(* Let $z,w\in H^2$ be distinct points of the hyperbolic plane and $k\in\mathbb R$. Define the square hyperbola $S_k(z,w)=\{x\in H^2 : d_H(x,z)^2-d_H(x,w)^2=k\}$. Then the endpoints on the ideal boundary of $H^2$ of $S_k(z,w)$ are the same as the endpoints of the equidistant line $S_0(z,w)=\{x\in H^2: d_H(x,z)=d_H(x,w)\}$.
   Context: $d_H$ denotes the hyperbolic distance on $H^2$. *)

(* concrete reals R. Upper half-plane model of H^2. *)
From Stdlib Require Import Reals.
Open Scope R_scope.

Definition arcosh (t : R) : R := ln (t + sqrt (t ^ 2 - 1)).

Definition inH2 (p : R * R) : Prop := 0 < snd p.

Definition dH (p q : R * R) : R :=
  arcosh (1 + ((fst p - fst q) ^ 2 + (snd p - snd q) ^ 2)
              / (2 * snd p * snd q)).

Definition sq_hyperbola (k : R) (z w : R * R) (x : R * R) : Prop :=
  inH2 x /\ dH x z ^ 2 - dH x w ^ 2 = k.

Definition equidistant (z w : R * R) (x : R * R) : Prop :=
  inH2 x /\ dH x z = dH x w.

Inductive ideal_pt : Type := IFin (a : R) | IInf.

Definition cv_ideal (u : nat -> R * R) (xi : ideal_pt) : Prop :=
  match xi with
  | IFin a => Un_cv (fun n => fst (u n)) a /\ Un_cv (fun n => snd (u n)) 0
  | IInf => cv_infty (fun n => fst (u n) ^ 2 + snd (u n) ^ 2)
  end.

Definition ideal_endpoints (S : R * R -> Prop) (xi : ideal_pt) : Prop :=
  exists u : nat -> R * R, (forall n, S (u n)) /\ cv_ideal u xi.

From Stdlib Require Import Reals Lra Psatz ClassicalEpsilon.
From Coquelicot Require Import Coquelicot.
Open Scope R_scope.

(* In the upper half-plane, 2 Im(x) cosh d(x,z) = U_z(Re x) + Im(x)^2 / Im z with
   U_z(t) = |t - z|^2 / Im z.  So as x tends to a real point a, both cosh d(x,z) and cosh d(x,w)
   blow up like 1 / Im x, with ratio tending to U_z(a) / U_w(a).  Since arcosh A = ln (2A) + o(1),
   d(x,z)^2 - d(x,w)^2 then tends to +oo or -oo unless U_z(a) = U_w(a); hence a finite endpoint
   of S_k is a root of U_z - U_w, whatever k is.  Conversely, for z <> w every root a of U_z - U_w
   is simple, so on a low horizontal line near a the difference d(.,z)^2 - d(.,w)^2 takes values
   above and below k, and the intermediate value theorem produces points of S_k converging to a.
   The ideal point oo is sent to 0 by the isometry x |-> -1/x, and U_{-1/z}(0) = 1 / Im z. *)

(** * Bounds on arcosh *)

Lemma ln_le_compat x y : 0 < x -> x <= y -> ln x <= ln y.
Proof. intros Hx [Hxy | <-]; [left; now apply ln_increasing | right; reflexivity]. Qed.

Lemma arcosh_ge_ln_2A_sub_inv A : 1 <= A -> ln (2 * A - / A) <= arcosh A.
Proof.
intros HA. unfold arcosh.
assert (Hinv : 0 < / A <= 1).
{ split; [apply Rinv_0_lt_compat; lra|].
  rewrite <- Rinv_1. apply Rinv_le_contravar; lra. }
assert (HAinv : A * / A = 1) by (field; lra).
assert (A - / A <= sqrt (A ^ 2 - 1)).
{ rewrite <- (sqrt_pow2 (A - / A)) by nra. apply sqrt_le_1_alt. nra. }
apply ln_le_compat; nra.
Qed.

Lemma arcosh_le_ln_2A A : 1 <= A -> arcosh A <= ln (2 * A).
Proof.
intros HA. unfold arcosh.
pose proof (sqrt_pos (A ^ 2 - 1)).
assert (sqrt (A ^ 2 - 1) <= A).
{ rewrite <- (sqrt_pow2 A) at 2 by lra. apply sqrt_le_1_alt. nra. }
apply ln_le_compat; nra.
Qed.

Lemma ln_le_arcosh A : 1 <= A -> ln A <= arcosh A.
Proof.
intros HA. unfold arcosh. pose proof (sqrt_pos (A ^ 2 - 1)).
apply ln_le_compat; lra.
Qed.

Lemma arcosh_ge0 A : 1 <= A -> 0 <= arcosh A.
Proof.
intros HA. rewrite <- ln_1.
apply (Rle_trans _ (ln A)); [apply ln_le_compat; lra | now apply ln_le_arcosh].
Qed.

Lemma arcosh_sub_ge c A B : 1 < c -> 1 <= B -> c * B <= A -> c / (c - 1) <= A ->
  ln ((1 + c) / 2) <= arcosh A - arcosh B.
Proof.
intros Hc HB HcBA HcA.
assert (HA : 1 <= A) by nra.
assert (HAc : c <= A * (c - 1)).
{ replace c with (c / (c - 1) * (c - 1)) at 1 by (field; lra).
  apply Rmult_le_compat_r; lra. }
assert (Hinv : 0 < / A <= 1).
{ split; [apply Rinv_0_lt_compat; lra|].
  rewrite <- Rinv_1. apply Rinv_le_contravar; lra. }
assert (Hgap : (1 + c) * B <= 2 * A - / A).
{ assert (c * (2 * A - / A) - (1 + c) * A = A * (c - 1) - c * / A) by ring.
  nra. }
pose proof (arcosh_ge_ln_2A_sub_inv A HA).
pose proof (arcosh_le_ln_2A B HB).
assert (ln ((1 + c) / 2) + ln (2 * B) <= ln (2 * A - / A)).
{ rewrite <- ln_mult by lra. apply ln_le_compat; nra. }
lra.
Qed.

(* [d_A - d_B >= ln ((1+c)/2)] and [d_A >= ln A], so [d_A^2 - d_B^2 >= ln ((1+c)/2) * ln A]. *)
Lemma arcosh_sq_sub_unbounded c K : 1 < c ->
  exists M, forall A B, 1 <= B -> c * B <= A -> M <= A -> K < arcosh A ^ 2 - arcosh B ^ 2.
Proof.
intros Hc.
set (g := ln ((1 + c) / 2)).
assert (Hg : 0 < g) by (unfold g; rewrite <- ln_1; apply ln_increasing; lra).
exists (c / (c - 1) + exp (K / g)).
intros A B HB HcBA HMA.
assert (Hcc : 0 < c / (c - 1)) by (apply Rdiv_lt_0_compat; lra).
pose proof (exp_pos (K / g)).
pose proof (arcosh_sub_ge c A B Hc HB HcBA ltac:(lra)) as Hsub.
pose proof (arcosh_ge0 B HB).
assert (HlnA : K / g < ln A).
{ rewrite <- (ln_exp (K / g)). apply ln_increasing; lra. }
pose proof (ln_le_arcosh A ltac:(nra)).
assert (g * (K / g) = K) by (field; lra).
fold g in Hsub. nra.
Qed.

Lemma continuous_arcosh u : 1 <= u -> continuous arcosh u.
Proof.
intros Hu. unfold arcosh.
apply (continuous_comp (fun t => t + sqrt (t ^ 2 - 1)) ln).
- apply (continuous_plus (fun t => t) (fun t => sqrt (t ^ 2 - 1))).
  + apply continuous_id.
  + apply continuous_sqrt_comp, (ex_derive_continuous (V := R_NormedModule)).
    auto_derive. exact I.
- apply continuous_ln. pose proof (sqrt_pos (u ^ 2 - 1)). lra.
Qed.

(** * Hyperbolic distance near the real axis *)

Definition cosh_dist (p q : R * R) : R :=
  1 + ((fst p - fst q) ^ 2 + (snd p - snd q) ^ 2) / (2 * snd p * snd q).

(* [inv_poisson z a = |a - z|^2 / Im z] is the reciprocal of the Poisson kernel of [z] at the
   boundary point [a]; as [x] tends to [a], [cosh (dH x z)] behaves like
   [inv_poisson z a / (2 Im x)]. *)
Definition inv_poisson (z : R * R) (t : R) : R := ((t - fst z) ^ 2 + snd z ^ 2) / snd z.

Lemma dH_cosh_dist p q : dH p q = arcosh (cosh_dist p q).
Proof. reflexivity. Qed.

Lemma cosh_dist_ge1 p q : inH2 p -> inH2 q -> 1 <= cosh_dist p q.
Proof.
unfold inH2, cosh_dist. intros Hp Hq.
enough (0 <= ((fst p - fst q) ^ 2 + (snd p - snd q) ^ 2) / (2 * snd p * snd q)) by lra.
pose proof (pow2_ge_0 (fst p - fst q)). pose proof (pow2_ge_0 (snd p - snd q)).
apply Rdiv_le_0_compat; [lra | apply Rmult_lt_0_compat; lra].
Qed.

Lemma dH_ge0 p q : inH2 p -> inH2 q -> 0 <= dH p q.
Proof. intros. apply arcosh_ge0, cosh_dist_ge1; assumption. Qed.

Lemma scaled_cosh_dist x z : inH2 x -> inH2 z ->
  2 * snd x * cosh_dist x z = inv_poisson z (fst x) + snd x ^ 2 / snd z.
Proof. unfold inH2, cosh_dist, inv_poisson. intros. field. lra. Qed.

Lemma inv_poisson_pos z t : inH2 z -> 0 < inv_poisson z t.
Proof. unfold inH2, inv_poisson. intros Hz.
pose proof (pow2_ge_0 (t - fst z)). pose proof (pow_lt (snd z) 2 Hz).
apply Rdiv_lt_0_compat; lra.
Qed.

Lemma continuous_sq_dH_horizontal y z t : 0 < y -> inH2 z ->
  continuous (fun s => dH (s, y) z ^ 2) t.
Proof.
unfold inH2. intros Hy Hz.
apply (continuous_comp (fun s => dH (s, y) z) (fun d => d ^ 2)).
- apply (continuous_comp (fun s => cosh_dist (s, y) z) arcosh).
  + apply (ex_derive_continuous (V := R_NormedModule)).
    unfold cosh_dist; simpl. auto_derive. exact I.
  + apply continuous_arcosh, cosh_dist_ge1; unfold inH2; simpl; lra.
- apply (ex_derive_continuous (V := R_NormedModule)). auto_derive. exact I.
Qed.

Lemma Un_cv_const c : Un_cv (fun _ => c) c.
Proof.
intros eps Heps. exists 0%nat. intros. unfold R_dist. rewrite Rminus_diag, Rabs_R0. exact Heps.
Qed.

Lemma Un_cv_ex_derive_comp f v l : ex_derive f l -> Un_cv v l -> Un_cv (fun n => f (v n)) (f l).
Proof.
intros Hf. apply continuity_seq, continuity_pt_filterlim.
exact (ex_derive_continuous (V := R_NormedModule) f l Hf).
Qed.

Lemma Un_cv_eventually_pos v l : Un_cv v l -> 0 < l -> exists N, forall n, (N <= n)%nat -> 0 < v n.
Proof.
intros Hv Hl. destruct (Hv l Hl) as [N HN]. exists N. intros n Hn.
specialize (HN n Hn). unfold R_dist in HN. apply Rabs_def2 in HN. lra.
Qed.

Lemma Un_cv_of_Rabs_lt_RinvN v l : (forall n, Rabs (v n - l) < RinvN n) -> Un_cv v l.
Proof.
intros Hv eps Heps. destruct (RinvN_cv Heps) as [N HN]. exists N. intros n Hn.
specialize (HN n Hn). specialize (Hv n). unfold R_dist in *.
rewrite Rminus_0_r, Rabs_pos_eq in HN by (left; apply cond_pos). lra.
Qed.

#### [Task item]
Please retype the data exactly as it stands, from its first line down to the line that contains "(* In the upper", then stop.

#### [Result of the exercise]
(* Let $z,w\in H^2$ be distinct points of the hyperbolic plane and $k\in\mathbb R$. Define the square hyperbola $S_k(z,w)=\{x\in H^2 : d_H(x,z)^2-d_H(x,w)^2=k\}$. Then the endpoints on the ideal boundary of $H^2$ of $S_k(z,w)$ are the same as the endpoints of the equidistant line $S_0(z,w)=\{x\in H^2: d_H(x,z)=d_H(x,w)\}$.
   Context: $d_H$ denotes the hyperbolic distance on $H^2$. *)

(* concrete reals R. Upper half-plane model of H^2. *)
From Stdlib Require Import Reals.
Open Scope R_scope.

Definition arcosh (t : R) : R := ln (t + sqrt (t ^ 2 - 1)).

Definition inH2 (p : R * R) : Prop := 0 < snd p.

Definition dH (p q : R * R) : R :=
  arcosh (1 + ((fst p - fst q) ^ 2 + (snd p - snd q) ^ 2)
              / (2 * snd p * snd q)).

Definition sq_hyperbola (k : R) (z w : R * R) (x : R * R) : Prop :=
  inH2 x /\ dH x z ^ 2 - dH x w ^ 2 = k.

Definition equidistant (z w : R * R) (x : R * R) : Prop :=
  inH2 x /\ dH x z = dH x w.

Inductive ideal_pt : Type := IFin (a : R) | IInf.

Definition cv_ideal (u : nat -> R * R) (xi : ideal_pt) : Prop :=
  match xi with
  | IFin a => Un_cv (fun n => fst (u n)) a /\ Un_cv (fun n => snd (u n)) 0
  | IInf => cv_infty (fun n => fst (u n) ^ 2 + snd (u n) ^ 2)
  end.

Definition ideal_endpoints (S : R * R -> Prop) (xi : ideal_pt) : Prop :=
  exists u : nat -> R * R, (forall n, S (u n)) /\ cv_ideal u xi.

From Stdlib Require Import Reals Lra Psatz ClassicalEpsilon.
From Coquelicot Require Import Coquelicot.
Open Scope R_scope.

(* In the upper half-plane, 2 Im(x) cosh d(x,z) = U_z(Re x) + Im(x)^2 / Im z with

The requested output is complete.